**TASK DETAILS:**
Of the entries below, return only those lines from the line with "Definition same_deck (G" to the line with "merged coefficient multisets", exactly, both included.

**Stored items:**
* * * * * * * * *
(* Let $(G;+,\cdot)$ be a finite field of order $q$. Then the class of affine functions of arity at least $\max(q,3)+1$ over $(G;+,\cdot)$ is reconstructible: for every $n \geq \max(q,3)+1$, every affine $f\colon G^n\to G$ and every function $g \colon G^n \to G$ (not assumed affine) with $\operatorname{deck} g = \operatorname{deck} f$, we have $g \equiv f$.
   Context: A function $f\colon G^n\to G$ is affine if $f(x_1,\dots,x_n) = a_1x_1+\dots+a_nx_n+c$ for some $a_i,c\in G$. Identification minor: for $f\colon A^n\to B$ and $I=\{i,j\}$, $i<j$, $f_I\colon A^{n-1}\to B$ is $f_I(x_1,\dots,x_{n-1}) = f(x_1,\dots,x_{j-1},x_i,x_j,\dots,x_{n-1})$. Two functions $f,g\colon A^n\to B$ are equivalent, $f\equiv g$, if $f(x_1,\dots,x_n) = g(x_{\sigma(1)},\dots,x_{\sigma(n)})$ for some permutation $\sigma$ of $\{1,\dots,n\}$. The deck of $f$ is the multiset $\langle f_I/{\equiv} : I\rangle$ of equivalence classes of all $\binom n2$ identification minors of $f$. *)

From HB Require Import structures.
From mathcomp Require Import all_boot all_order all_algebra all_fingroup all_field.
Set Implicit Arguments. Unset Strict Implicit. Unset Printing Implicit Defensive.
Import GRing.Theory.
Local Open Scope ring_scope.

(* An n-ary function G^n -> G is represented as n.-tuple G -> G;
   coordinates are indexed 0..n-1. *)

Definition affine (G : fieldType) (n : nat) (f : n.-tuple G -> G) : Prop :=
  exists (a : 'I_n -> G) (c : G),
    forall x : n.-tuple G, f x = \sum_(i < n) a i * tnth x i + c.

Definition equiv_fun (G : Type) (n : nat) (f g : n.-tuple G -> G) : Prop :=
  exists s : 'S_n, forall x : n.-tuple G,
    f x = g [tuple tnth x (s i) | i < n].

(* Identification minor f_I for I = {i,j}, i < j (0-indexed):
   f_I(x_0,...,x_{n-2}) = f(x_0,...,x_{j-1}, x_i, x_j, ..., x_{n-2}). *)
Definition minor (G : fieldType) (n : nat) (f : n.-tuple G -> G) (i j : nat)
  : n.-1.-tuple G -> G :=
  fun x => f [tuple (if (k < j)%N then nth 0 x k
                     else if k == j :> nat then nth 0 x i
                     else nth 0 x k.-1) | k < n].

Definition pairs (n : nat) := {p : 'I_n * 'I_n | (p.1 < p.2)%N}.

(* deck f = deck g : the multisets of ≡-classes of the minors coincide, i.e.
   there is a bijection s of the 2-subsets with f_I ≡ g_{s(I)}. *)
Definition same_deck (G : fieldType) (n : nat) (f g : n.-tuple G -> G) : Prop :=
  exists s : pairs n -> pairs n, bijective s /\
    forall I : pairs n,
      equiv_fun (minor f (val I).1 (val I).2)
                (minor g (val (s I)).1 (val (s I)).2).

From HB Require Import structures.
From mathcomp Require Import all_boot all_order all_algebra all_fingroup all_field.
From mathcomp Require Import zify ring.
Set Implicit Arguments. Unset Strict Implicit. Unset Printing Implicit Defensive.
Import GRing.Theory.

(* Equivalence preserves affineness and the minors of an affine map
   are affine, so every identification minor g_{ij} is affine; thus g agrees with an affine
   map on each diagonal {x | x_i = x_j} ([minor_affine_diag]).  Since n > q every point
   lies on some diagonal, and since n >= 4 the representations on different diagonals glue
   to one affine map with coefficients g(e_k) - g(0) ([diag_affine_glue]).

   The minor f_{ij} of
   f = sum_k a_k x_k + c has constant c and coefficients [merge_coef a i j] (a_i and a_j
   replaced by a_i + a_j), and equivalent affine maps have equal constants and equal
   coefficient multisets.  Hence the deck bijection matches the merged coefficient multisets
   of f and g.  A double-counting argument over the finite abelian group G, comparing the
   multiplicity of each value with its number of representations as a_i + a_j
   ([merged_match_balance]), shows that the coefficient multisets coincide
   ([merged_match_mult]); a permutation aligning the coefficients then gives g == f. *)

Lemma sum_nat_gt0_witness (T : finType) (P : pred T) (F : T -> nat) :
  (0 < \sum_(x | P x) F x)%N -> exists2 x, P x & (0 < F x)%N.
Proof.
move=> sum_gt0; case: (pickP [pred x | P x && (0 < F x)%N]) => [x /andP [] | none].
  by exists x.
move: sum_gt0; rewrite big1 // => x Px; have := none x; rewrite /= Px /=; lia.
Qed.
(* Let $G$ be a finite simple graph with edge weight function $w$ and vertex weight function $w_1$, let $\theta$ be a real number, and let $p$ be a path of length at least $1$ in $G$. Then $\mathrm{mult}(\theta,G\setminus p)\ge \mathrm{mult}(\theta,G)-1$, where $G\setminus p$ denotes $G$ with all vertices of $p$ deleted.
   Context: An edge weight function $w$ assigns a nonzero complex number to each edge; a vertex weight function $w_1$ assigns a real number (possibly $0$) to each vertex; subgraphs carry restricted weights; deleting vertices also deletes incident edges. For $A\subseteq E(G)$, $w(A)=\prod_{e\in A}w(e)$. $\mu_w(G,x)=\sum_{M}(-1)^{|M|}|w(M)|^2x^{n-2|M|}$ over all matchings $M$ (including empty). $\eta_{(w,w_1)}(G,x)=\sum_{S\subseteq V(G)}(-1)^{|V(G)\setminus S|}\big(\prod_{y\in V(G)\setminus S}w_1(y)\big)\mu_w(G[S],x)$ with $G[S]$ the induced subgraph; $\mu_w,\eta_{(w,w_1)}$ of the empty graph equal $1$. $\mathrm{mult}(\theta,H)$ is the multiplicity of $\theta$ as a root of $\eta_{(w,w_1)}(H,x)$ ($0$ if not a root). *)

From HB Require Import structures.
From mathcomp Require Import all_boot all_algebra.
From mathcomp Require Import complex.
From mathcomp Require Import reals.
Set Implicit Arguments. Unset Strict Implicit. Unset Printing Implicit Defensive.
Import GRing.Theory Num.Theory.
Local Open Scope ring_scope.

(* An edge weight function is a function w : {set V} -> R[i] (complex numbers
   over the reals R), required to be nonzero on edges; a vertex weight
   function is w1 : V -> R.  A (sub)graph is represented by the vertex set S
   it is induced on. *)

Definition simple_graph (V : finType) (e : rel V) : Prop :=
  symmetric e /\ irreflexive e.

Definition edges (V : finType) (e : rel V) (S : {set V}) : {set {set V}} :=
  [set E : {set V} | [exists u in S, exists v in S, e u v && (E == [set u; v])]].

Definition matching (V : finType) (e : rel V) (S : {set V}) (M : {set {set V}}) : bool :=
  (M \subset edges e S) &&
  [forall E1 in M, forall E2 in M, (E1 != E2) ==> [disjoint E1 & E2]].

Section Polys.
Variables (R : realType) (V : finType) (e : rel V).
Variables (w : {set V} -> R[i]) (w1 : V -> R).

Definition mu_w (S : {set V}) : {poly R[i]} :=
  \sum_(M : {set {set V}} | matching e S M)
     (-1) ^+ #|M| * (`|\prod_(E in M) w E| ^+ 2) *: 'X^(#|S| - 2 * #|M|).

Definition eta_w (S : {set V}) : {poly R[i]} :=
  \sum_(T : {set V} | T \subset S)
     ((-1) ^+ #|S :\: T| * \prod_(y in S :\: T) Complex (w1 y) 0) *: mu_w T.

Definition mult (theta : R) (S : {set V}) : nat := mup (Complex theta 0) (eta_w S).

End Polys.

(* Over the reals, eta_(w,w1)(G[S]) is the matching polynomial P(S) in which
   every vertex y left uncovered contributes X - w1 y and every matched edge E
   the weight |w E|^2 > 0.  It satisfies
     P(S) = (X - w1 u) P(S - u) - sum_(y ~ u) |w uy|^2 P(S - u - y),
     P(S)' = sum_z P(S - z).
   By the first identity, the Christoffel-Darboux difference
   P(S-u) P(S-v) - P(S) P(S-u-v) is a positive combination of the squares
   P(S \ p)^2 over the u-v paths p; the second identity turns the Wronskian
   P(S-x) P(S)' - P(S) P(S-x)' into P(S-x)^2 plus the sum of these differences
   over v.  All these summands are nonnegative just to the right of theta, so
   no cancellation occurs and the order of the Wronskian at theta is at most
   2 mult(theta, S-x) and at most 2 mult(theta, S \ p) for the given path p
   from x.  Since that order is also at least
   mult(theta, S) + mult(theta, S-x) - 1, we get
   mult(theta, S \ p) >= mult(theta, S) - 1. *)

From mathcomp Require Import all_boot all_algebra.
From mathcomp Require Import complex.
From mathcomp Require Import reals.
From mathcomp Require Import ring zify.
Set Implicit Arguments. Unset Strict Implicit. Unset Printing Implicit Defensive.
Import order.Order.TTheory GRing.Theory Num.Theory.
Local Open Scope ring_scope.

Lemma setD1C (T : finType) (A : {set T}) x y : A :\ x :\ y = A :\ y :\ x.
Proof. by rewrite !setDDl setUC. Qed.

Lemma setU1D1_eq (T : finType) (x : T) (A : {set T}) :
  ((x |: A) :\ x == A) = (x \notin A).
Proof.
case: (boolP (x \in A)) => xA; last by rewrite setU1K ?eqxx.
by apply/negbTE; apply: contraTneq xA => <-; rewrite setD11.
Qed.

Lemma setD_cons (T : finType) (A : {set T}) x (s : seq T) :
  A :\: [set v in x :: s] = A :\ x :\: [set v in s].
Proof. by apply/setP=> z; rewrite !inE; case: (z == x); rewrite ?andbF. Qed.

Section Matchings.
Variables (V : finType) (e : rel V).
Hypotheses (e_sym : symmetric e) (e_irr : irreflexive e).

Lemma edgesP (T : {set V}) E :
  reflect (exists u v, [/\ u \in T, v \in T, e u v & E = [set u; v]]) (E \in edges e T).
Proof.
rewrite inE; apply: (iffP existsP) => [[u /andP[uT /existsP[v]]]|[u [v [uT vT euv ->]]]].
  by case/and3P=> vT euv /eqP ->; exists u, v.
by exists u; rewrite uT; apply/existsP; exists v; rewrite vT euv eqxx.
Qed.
* * * * * * * * *
**TASK RESULT:**
Definition same_deck (G : fieldType) (n : nat) (f g : n.-tuple G -> G) : Prop :=
  exists s : pairs n -> pairs n, bijective s /\
    forall I : pairs n,
      equiv_fun (minor f (val I).1 (val I).2)
                (minor g (val (s I)).1 (val (s I)).2).

From HB Require Import structures.
From mathcomp Require Import all_boot all_order all_algebra all_fingroup all_field.
From mathcomp Require Import zify ring.
Set Implicit Arguments. Unset Strict Implicit. Unset Printing Implicit Defensive.
Import GRing.Theory.

(* Equivalence preserves affineness and the minors of an affine map
   are affine, so every identification minor g_{ij} is affine; thus g agrees with an affine
   map on each diagonal {x | x_i = x_j} ([minor_affine_diag]).  Since n > q every point
   lies on some diagonal, and since n >= 4 the representations on different diagonals glue
   to one affine map with coefficients g(e_k) - g(0) ([diag_affine_glue]).

   The minor f_{ij} of
   f = sum_k a_k x_k + c has constant c and coefficients [merge_coef a i j] (a_i and a_j
   replaced by a_i + a_j), and equivalent affine maps have equal constants and equal
   coefficient multisets.  Hence the deck bijection matches the merged coefficient multisets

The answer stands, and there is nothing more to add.